[arch-general] [arch-dev-public] initscripts changes
thomas at archlinux.org
Mon Apr 7 11:45:29 EDT 2008
Arvid Ephraim Picciani schrieb:
> On Monday 07 April 2008 13:52:21 Thomas Bächler wrote:
>> If I assume a user has no idea what 'lo'
>> is, I can still give him a working system by hardcoding the 'lo'
>> interface to rc.sysinit.
> Your assumptions are worse then i thought.
I just assume as few knowledge as I can, as long as maximum control and
flexibility is assured. In this very special case, I can assume no
knowledge at all without removing any flexibility from smarter users.
There could be no better situation than this.
>> Then I look at the user under the assumption that he knows what 'lo' is:
>> he still has a working system,
> ubuntu is "working" too.
Actually, from what I hear from experienced Linux users, it's not. I
never tried myself though.
>> his flexibility has not been reduced at
>> all, he is as happy as before (in fact, he won't even notice). To go
>> further: if he really wants to configure 'lo' differently (which he
>> doesn't), he still can.
> weird. exactly the arguments ubuntu devs use.

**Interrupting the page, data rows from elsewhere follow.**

(* Let $q=2^t$. Let $p$ be a point of $\ell_0$ and let $\ell,\ell'$ be two distinct lines of $L$, both different from $\ell_0$, each passing through $p$. Then $\chi_\ell+\chi_{\ell'}\in C(P,L_1)$.
   Context: Let $q$ be a prime power and $V$ a $4$-dimensional vector space over $\mathbb{F}_q$ with a nonsingular alternating bilinear form $(\cdot,\cdot)$ and symplectic basis $e_0,e_1,e_2,e_3$ with $(e_0,e_3)=(e_1,e_2)=1$. $P$ is the set of $1$-dimensional subspaces of $V$ (points), $L$ the set of totally isotropic $2$-dimensional subspaces (lines), with incidence by containment. $\ell_0=\langle e_0,e_1\rangle$, and $L_1$ is the set of lines sharing no point with $\ell_0$. $\mathbb{F}_2[P]$ is the $\mathbb{F}_2$-vector space of functions $P\to\mathbb{F}_2$; for a line $\ell$, $\chi_\ell\in\mathbb{F}_2[P]$ is its characteristic function (value $1$ exactly at the $q+1$ points of $\ell$). For a set $S$ of lines, $C(P,S)$ is the $\mathbb{F}_2$-span of $\{\chi_\ell:\ell\in S\}$ in $\mathbb{F}_2[P]$. *)

From HB Require Import structures.
From mathcomp Require Import all_boot all_order all_algebra.
Set Implicit Arguments. Unset Strict Implicit. Unset Printing Implicit Defensive.
Import GRing.Theory.
Local Open Scope ring_scope.

Section W2.
Variable F : finFieldType.

(* V = F^4 as row vectors; subspaces are represented by their canonical
   square matrix <<U>>%MS (so equal subspaces are equal objects). *)
Definition vec := 'rV[F]_4.
Definition e (i : nat) : vec := delta_mx 0 (inord i).

Definition sform (u v : vec) : F :=
  u 0 (inord 0) * v 0 (inord 3) - u 0 (inord 3) * v 0 (inord 0)
  + u 0 (inord 1) * v 0 (inord 2) - u 0 (inord 2) * v 0 (inord 1).

Definition is_point (U : 'M[F]_4) : bool := (<<U>>%MS == U) && (\rank U == 1)%N.
Definition point := {U : 'M[F]_4 | is_point U}.

Definition is_line (U : 'M[F]_4) : bool :=
  [&& <<U>>%MS == U, \rank U == 2%N &
      [forall u : vec, forall v : vec,
          ((u <= U)%MS && (v <= U)%MS) ==> (sform u v == 0)]].

Definition lines : {set 'M[F]_4} := [set U | is_line U].

Definition incid (p : point) (l : 'M[F]_4) : bool := (val p <= l)%MS.

Definition ell0 : 'M[F]_4 := <<col_mx (e 0) (e 1)>>%MS.

Definition L1 : {set 'M[F]_4} :=
  [set l in lines | [forall p : point, ~~ (incid p l && incid p ell0)]].

Local Notation F2P := {ffun point -> 'F_2}.

Definition chi (l : 'M[F]_4) : F2P := [ffun p => (incid p l)%:R].

Definition inC (S : {set 'M[F]_4}) (f : F2P) : Prop :=
  exists c : 'M[F]_4 -> 'F_2, f = \sum_(l in S) [ffun x => c l * chi l x].

End W2.
Notation F2P F := {ffun point F -> 'F_2}.

From HB Require Import structures.
From mathcomp Require Import all_boot all_order all_algebra finfield.
From mathcomp Require Import ring.
Set Implicit Arguments.
Unset Strict Implicit.
Unset Printing Implicit Defensive.
Import GRing.Theory.
Local Open Scope ring_scope.

(* Write p = <pv> with pv = (d0, d1, 0, 0) and fix g with g0 d0 + g1 d1 = 1.
   For u in F^4 let rho u = u2 g0 + u3 g1, kappa u = u2 d1 + u3 d0 (which is
   (u, pv) in characteristic 2) and wt u = u0 d1 + u1 d0.  The lines through p
   other than ell0 are the sets l_th = { u | kappa u = 0, wt u = th rho u }
   (line_char), and the lines mkL a b c spanned by (a, b, 1, 0), (c, a, 0, 1)
   all belong to L1 (mkL_L1).  With eta = th' - th <> 0 and the lines
     fam t s = mkL (t g0 g1 + s + s^2 d0 d1 / eta) (t g0^2 + s^2 d1^2 / eta)
                   (t g1^2 + s^2 d0^2 / eta)
   we prove chi l_th + chi l_th' = sum_s chi (fam th s) + sum_s chi (fam th' s)
   pointwise, modulo 2: a point of p^perp outside ell0 lies on one line
   fam t _ iff it lies on l_t, and otherwise on none (fam_count_perp); points
   of ell0 lie on no line fam t s (fam_count_ell0); and off p^perp the
   translation s |-> s + eta rho / kappa matches the lines fam th' _ through
   the point with the lines fam th _ (fam_count_shift), by a
   characteristic-2 identity (shift_identity). *)

Lemma addxx_F2 (x : 'F_2) : x + x = 0.
Proof. by rewrite -mulr2n -mulr_natl (pcharf0 (pchar_Fp (isT : prime 2))) mul0r. Qed.

Section Char2Arithmetic.
Variable K : fieldType.
Hypothesis char2 : forall x : K, x *+ 2 = 0.

Lemma oppr_char2 (x : K) : - x = x.
Proof. by apply/eqP; rewrite eq_sym -subr_eq0 opprK -mulr2n char2. Qed.

Lemma addr_eq0_char2 (x y : K) : (x + y == 0) = (x == y).
Proof. by rewrite -{1}(oppr_char2 y) subr_eq0. Qed.

(* The characteristic-2 identity behind the translation argument: shifting
   t by eta and s by delta = eta * rho / k leaves the expression
   t g rho + s x + s^2 d k / eta unchanged when g k + x + rho d = 0. *)
Lemma shift_identity (t s g x d rho k eta : K) : k != 0 -> eta != 0 ->
  g * k + x + rho * d = 0 ->
  (t + eta) * g * rho + (s + eta * rho / k) * x + (s + eta * rho / k) ^+ 2 / eta * d * k
  = t * g * rho + s * x + s ^+ 2 / eta * d * k.
Proof.
move=> k_neq0 eta_neq0 E.
transitivity (t * g * rho + s * x + s ^+ 2 / eta * d * k
              + eta * rho / k * (g * k + x + rho * d) + (s * rho * d) *+ 2).
  by field; rewrite k_neq0 eta_neq0.
by rewrite E char2 mulr0 !addr0.
Qed.

End Char2Arithmetic.

Section DualPair.
Variables (K : fieldType) (d0 d1 g0 g1 : K).
Hypothesis gd : g0 * d0 + g1 * d1 = 1.

Lemma parallel_coords (x0 x1 : K) : x0 * d1 = x1 * d0 ->
  x0 = (x0 * g0 + x1 * g1) * d0 /\ x1 = (x0 * g0 + x1 * g1) * d1.
Proof.
(* ring uses hypotheses as rewrite rules from a monomial, hence gd'. *)
have gd' : g0 * d0 = 1 - g1 * d1 by rewrite -gd addrK.
by move=> x01; split; ring: gd' x01.
Qed.

Lemma parallelE (x0 x1 r : K) : ((x0 == r * d0) && (x1 == r * d1)) =
  (x0 * d1 == x1 * d0) && (r == x0 * g0 + x1 * g1).
Proof.
have gd' : g0 * d0 = 1 - g1 * d1 by rewrite -gd addrK.
apply/andP/andP => [[/eqP -> /eqP ->]|[/eqP x01 /eqP ->]].
  by split; apply/eqP; ring: gd'.
by case: (parallel_coords x01) => <- <-.
Qed.

End DualPair.

Section SymplecticGeometry.
Variable F : finFieldType.

Definition co (u : 'rV[F]_4) (i : nat) : F := u 0 (inord i).

Lemma row4P (u v : 'rV[F]_4) : co u 0 = co v 0 -> co u 1 = co v 1 ->
  co u 2 = co v 2 -> co u 3 = co v 3 -> u = v.
Proof.
move=> h0 h1 h2 h3; apply/rowP => j; rewrite -[j]inord_val.
by case: j => [] [|[|[|[|n]]]] Hj.
Qed.

Lemma co_lin (a b : F) (u v : 'rV[F]_4) (i : nat) :
  co (a *: u + b *: v) i = a * co u i + b * co v i.
Proof. by rewrite /co !mxE. Qed.

Lemma sub_ell0P (u : 'rV[F]_4) :
  (u <= ell0 F)%MS = (co u 2 == 0) && (co u 3 == 0).
Proof.
have inord4 i j : (i < 4)%N -> (j < 4)%N -> (inord i == inord j :> 'I_4) = (i == j).
  by move=> hi hj; rewrite -val_eqE /= !inordK.
rewrite /ell0 genmxE -addsmxE; apply/sub_addsmxP/andP => [[[x y] ->]|[/eqP u2 /eqP u3]].
  by rewrite /co !mxE !big_ord1 !mxE /e !inord4 //= !mulr0 addr0.
exists ((co u 0)%:M, (co u 1)%:M); apply: row4P;
  by rewrite /co !mxE !big_ord1 !mxE /e !inord4 //= ?mulr0 ?mulr1 ?addr0 ?add0r.
Qed.

Lemma point_spanned (x : point F) : exists2 u : 'rV[F]_4, u != 0 & (val x :=: u)%MS.
Proof.
case: x => X /andP [_ /eqP rk1] /=.
case: (pickP (fun i => row i X != 0)) => [i Hi|H].
  exists (row i X) => //; apply/eqmxP; rewrite row_sub andbT.
  by rewrite -(mxrank_leqif_sup (row_sub i X)).2 rank_rV Hi rk1.
have X0 : X = 0 by apply/row_matrixP => i; move/negbFE: (H i) => /eqP ->; rewrite linear0.
by move: rk1; rewrite X0 mxrank0.
Qed.

Lemma line_iso (l : 'M[F]_4) (u v : 'rV[F]_4) :
  is_line l -> (u <= l)%MS -> (v <= l)%MS -> sform u v = 0.
Proof.
case/and3P => _ _ /forallP H Hu Hv.
by move: (H u) => /forallP /(_ v) /implyP; rewrite Hu Hv => /(_ isT) /eqP.
Qed.

(* A line is determined by the vectors it contains, since it is stored in
   canonical form. *)
Lemma line_eq (l l' : 'M[F]_4) : is_line l -> is_line l' ->
  (forall u : 'rV[F]_4, (u <= l)%MS = (u <= l')%MS) -> l = l'.
Proof.
case/and3P => /eqP gl _ _ /and3P [/eqP gl' _ _] E.
have /genmxP : (l == l')%MS by apply/andP; split; apply/rV_subP => u; rewrite E.
by rewrite gl gl'.
Qed.
(* The function $\mathfrak F$ restricted to $[1,\infty)$ is a uniform continuation of the sequence $F$.
   Context: $F$: $F_1=1,F_2=2,F_{n+2}=F_{n+1}+F_n$; $\phi$ golden ratio; $\mathfrak F(x)=\frac{\phi}{\sqrt5}(\phi^x+\phi^{-x}\cos(\pi x)\phi^{-2})$, so $\mathfrak F(n)=F_n$. For an increasing sequence $H$ of positive integers, a continuous function $h:[1,\infty)\to\mathbb{R}$ is a uniform continuation of $H$ if $h(n)=H_n$ for all $n\in\mathbb{N}$ and the functions $h_n:[0,1]\to[0,1]$, $h_n(p)=\frac{h(n+p)-h(n)}{h(n+1)-h(n)}$, converge uniformly on $[0,1]$ to an increasing continuous function. *)

From Stdlib Require Import Reals Lra.
From Coquelicot Require Import Coquelicot.
Open Scope R_scope.

(* The sequence F : F_1 = 1, F_2 = 2, F_{n+2} = F_{n+1} + F_n  (indices n >= 1;
   the value at index 0 is an irrelevant dummy). *)
Fixpoint Fib (n : nat) : nat :=
  match n with
  | O => 1%nat
  | S O => 1%nat
  | S (S O) => 2%nat
  | S (S ((S m) as k) as l) => (Fib l + Fib k)%nat
  end.

Definition phi : R := (1 + sqrt 5) / 2.

Definition frakF (x : R) : R :=
  phi / sqrt 5 * (Rpower phi x + Rpower phi (- x) * cos (PI * x) * / phi ^ 2).

Definition hn (h : R -> R) (n : nat) (p : R) : R :=
  (h (INR n + p) - h (INR n)) / (h (INR n + 1) - h (INR n)).
(* For [delta = 1] the factor [(1 - delta)^-1] is [0], and the error mass must vanish. *)
Lemma muS_sub_error_le (delta r : R) S a :
  0 <= delta -> delta <= 1 -> 0 <= r ->
  (delta <= adv mu P a S -> muS mu S <= r) ->
  (delta < 1 \/ \sum_(x in S) mu x * error_ind P x a = 0) ->
  muS mu S - (\sum_(x in S) mu x * error_ind P x a) * (1 - delta)^-1 <= r.
Proof.
move=> d_ge0 d_le1 r_ge0 dense_small err_cond.
have := muS_adm_error S a.
set m := muS mu S in dense_small *; set g := muS mu _; set e := \sum_(x in S) _ => m_eq.
have g_ge0 : 0 <= g by apply: sumr_ge0.
have e_ge0 : 0 <= e by apply: sumr_ge0 => x _; rewrite mulr_ge0 ?error_ind_ge0.
have eK_ge0 : 0 <= e * (1 - delta)^-1 by rewrite mulr_ge0 // invr_ge0 subr_ge0.
set eK := e * _ in eK_ge0 *.
have [/dense_small | sparse] := lerP delta (adv mu P a S); first lra.
have /orP[/eqP m0 | m_gt0] : (0 == m) || (0 < m) by rewrite -le_eqVlt m_eq addr_ge0.
  lra.
(* Below density [delta] the errors carry more than a [1 - delta] fraction of the mass. *)
move: sparse; rewrite /adv -/m -/g ltr_pdivrMr // => g_lt.
case: err_cond => [d_lt1 | e0]; last by rewrite -/e in e0; nra.
suff : m <= eK by lra.
by rewrite /eK ler_pdivlMr ?subr_gt0 //; nra.
Qed.

Lemma click_mass_sub_error_le (delta r : R) T (c : nat) :
  0 <= delta -> delta <= 1 -> 0 <= r ->
  (forall a Rs, delta <= adv mu P a (rectangle Rs) -> muS mu (rectangle Rs) <= r) ->
  (bits T <= c)%N ->
  (delta < 1 \/ click_mass mu T (error_ind P) = 0) ->
  click_mass mu T (fun _ _ => 1) - click_mass mu T (error_ind P) * (1 - delta)^-1
    <= (2 ^ c * l ^ n)%:R * r.
Proof.
move=> d_ge0 d_le1 r_ge0 rect_small bits_c err_cond.
pose psi x a := mu x - mu x * error_ind P x a * (1 - delta)^-1.
have := @protocol_sum_le R n k l psi r T (fun _ => setT) c r_ge0.
rewrite (eq_bigl _ _ (@in_rectangleT n k)).
have -> : click_mass mu T (fun _ _ => 1) - click_mass mu T (error_ind P) * (1 - delta)^-1
    = \sum_x \sum_(a | clicks T x a) psi x a.
  rewrite /click_mass mulr_suml -sumrB; apply: eq_bigr => x _.
  by rewrite mulr_suml -sumrB; apply: eq_bigr => a _; rewrite mulr1.
apply.
  move=> Ss a /subsetP piece; rewrite /psi sumrB -mulr_suml.
  apply: muS_sub_error_le => //; first exact: rect_small.
  case: err_cond => [|err0]; [by left | right].
  apply: le_anti; apply/andP; split.
    rewrite -[leRHS]err0; apply: sum_le_click_mass => //; first exact: error_ind_ge0.
    by apply/subsetP => x /piece /setIdP[_ cl]; rewrite inE.
  by apply: sumr_ge0 => x _; rewrite mulr_ge0 ?error_ind_ge0.
by move=> x _; apply: leq_trans bits_c; exact: (leq_bigmax (F := path_bits T)).
Qed.
Lemma mixture_sub_error_le (delta r : R) (m c : nat) (w : 'I_m -> R) (Ts : 'I_m -> ptree n k l) :
  0 <= delta -> delta <= 1 -> 0 <= r ->
  (forall a Rs, delta <= adv mu P a (rectangle Rs) -> muS mu (rectangle Rs) <= r) ->
  is_distribution w -> (forall j, (bits (Ts j) <= c)%N) ->
  (delta < 1 \/ \sum_j w j * click_mass mu (Ts j) (error_ind P) = 0) ->
  \sum_j w j * click_mass mu (Ts j) (fun _ _ => 1)
    - (\sum_j w j * click_mass mu (Ts j) (error_ind P)) * (1 - delta)^-1
    <= (2 ^ c * l ^ n)%:R * r.
Proof.
move=> d_ge0 d_le1 r_ge0 rect_small [w_ge0 w_sum1] bits_c err_cond.
have -> : (2 ^ c * l ^ n)%:R * r = \sum_j w j * ((2 ^ c * l ^ n)%:R * r).
  by rewrite -mulr_suml w_sum1 mul1r.
rewrite mulr_suml -sumrB.
apply: ler_sum => j _; rewrite -mulrA -mulrBr.
have [-> | wj_neq0] := eqVneq (w j) 0; first by rewrite !mul0r.
apply: ler_wpM2l => //; apply: click_mass_sub_error_le => //.
case: err_cond => [|err0]; [by left | right].
have err_ge0 i : 0 <= w i * click_mass mu (Ts i) (error_ind P).
  by rewrite mulr_ge0 // click_mass_ge0 // => x a; exact: error_ind_ge0.
move/(psumr_eq0P (fun i _ => err_ge0 i))/(_ j isT)/eqP: err0.
by rewrite mulf_eq0 (negbTE wj_neq0) => /eqP.
Qed.

End CorrelationProblem.

Theorem theorem2 (R : realFieldType) (n k l : nat)
  (mu : inputs n k -> R) (P : inputs n k -> outputs n l -> R)
  (delta r : R) (c m : nat) (w : 'I_m -> R) (Ts : 'I_m -> ptree n k l) (eta eps : R) :
  (0 < n)%N -> (0 < k)%N -> (0 < l)%N ->
  is_distribution mu ->
  is_correlation_problem mu P ->
  0 <= delta -> delta <= 1 -> 0 <= r ->
  (forall (a : outputs n l) (Rs : 'I_n -> {set 'I_k}),
      delta <= adv mu P a (rectangle Rs) -> muS mu (rectangle Rs) <= r) ->
  is_distribution w ->
  (forall j, (bits (Ts j) <= c)%N) ->
  0 <= eta -> eta ^+ n = detection_mass mu w Ts ->
  eps = error_mass mu P w Ts / eta ^+ n ->
  (delta < 1 \/ eps = 0) ->
  (2%:R ^+ c)^-1 * eta ^+ n * (1 - eps * (1 - delta)^-1) <= l%:R ^+ n * r.
Proof.
move=> _ _ _ [mu_ge0 _] P_problem d_ge0 d_le1 r_ge0 rect_small w_distr bits_c _.
move=> det_eq eps_eq exact_or_small.
have [-> | eta_n_neq0] := eqVneq (eta ^+ n) 0.
  by rewrite mulr0 mul0r mulr_ge0 // exprn_ge0.
have det_mix : eta ^+ n = \sum_j w j * click_mass mu (Ts j) (fun _ _ => 1).
  rewrite det_eq -mixture_mass; apply: eq_bigr => x _.
  by congr (_ * _); apply: eq_bigr => a _; rewrite mulr1.
have err_mix : eps * eta ^+ n = \sum_j w j * click_mass mu (Ts j) (error_ind P).
  by rewrite eps_eq divfK // -mixture_mass.
have := mixture_sub_error_le mu_ge0 P_problem d_ge0 d_le1 r_ge0 rect_small w_distr bits_c.
rewrite -err_mix -det_mix natrM !natrX => bound.
have two_c_gt0 : 0 < (2%:R ^+ c : R) by rewrite exprn_gt0.
rewrite -mulrA ler_pdivrMl // mulrBr mulr1 mulrCA !mulrA; apply: bound.
by case: exact_or_small => [|->]; [left | right; rewrite mul0r].
Qed.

I am insulted by that comment and expect an apology.
>> I am following KISS and trying to make things simpler, while you want
>> to keep things more complicated, because you think that's what Arch is
> ubuntu-simple and arch-simple are different.
Arch implements many aspects of simple:
- Simple to understand the underlying system (scripts, package
management and so on)
- Simple to modify the system (making packages is soooo easy in Arch)
- Simple to use and configure
Most people seem to forget that last point. If we can make the system
simpler to use (and thus more robust and error-proof) without adding
unnecessary complexity, then we have to do it. But instead of being
happy about it, _some_ of our user base start screaming
> ubuntu, ubuntu, ubuntu, ubuntu, ubuntu, ubuntu, ubuntu, ubuntu,
as soon as we make a change that makes life easier for them. In this
case, I am being insulted for _thinking_ about adding one line to a
script, that would make the lives of many people easier (wow, one extra
line, that certainly adds so much complexity, Arch is really becoming
Ubuntu these days).
> just not archlinux.
If you had actually read that document, you would understand my point
"'Simple' is defined from a technical standpoint, not a usability
standpoint. It is better to be technically elegant with a higher
learning curve, than to be easy to use, and technically crap."
What you don't get is that if you have to make a decision between two
equally technically elegant decisions, and one of them improves
usability, you go for usability.
What you and some other people here seem to think is that usability
automatically implies technical non-elegance.
This is absolutely not related to this topic, so I won't comment on it here.
I will say it one last time: Adding the _necesity_ to configure
something that doesn't need to be configured is crap, from a technical
and a usability point of view and thus defeats the Arch Way.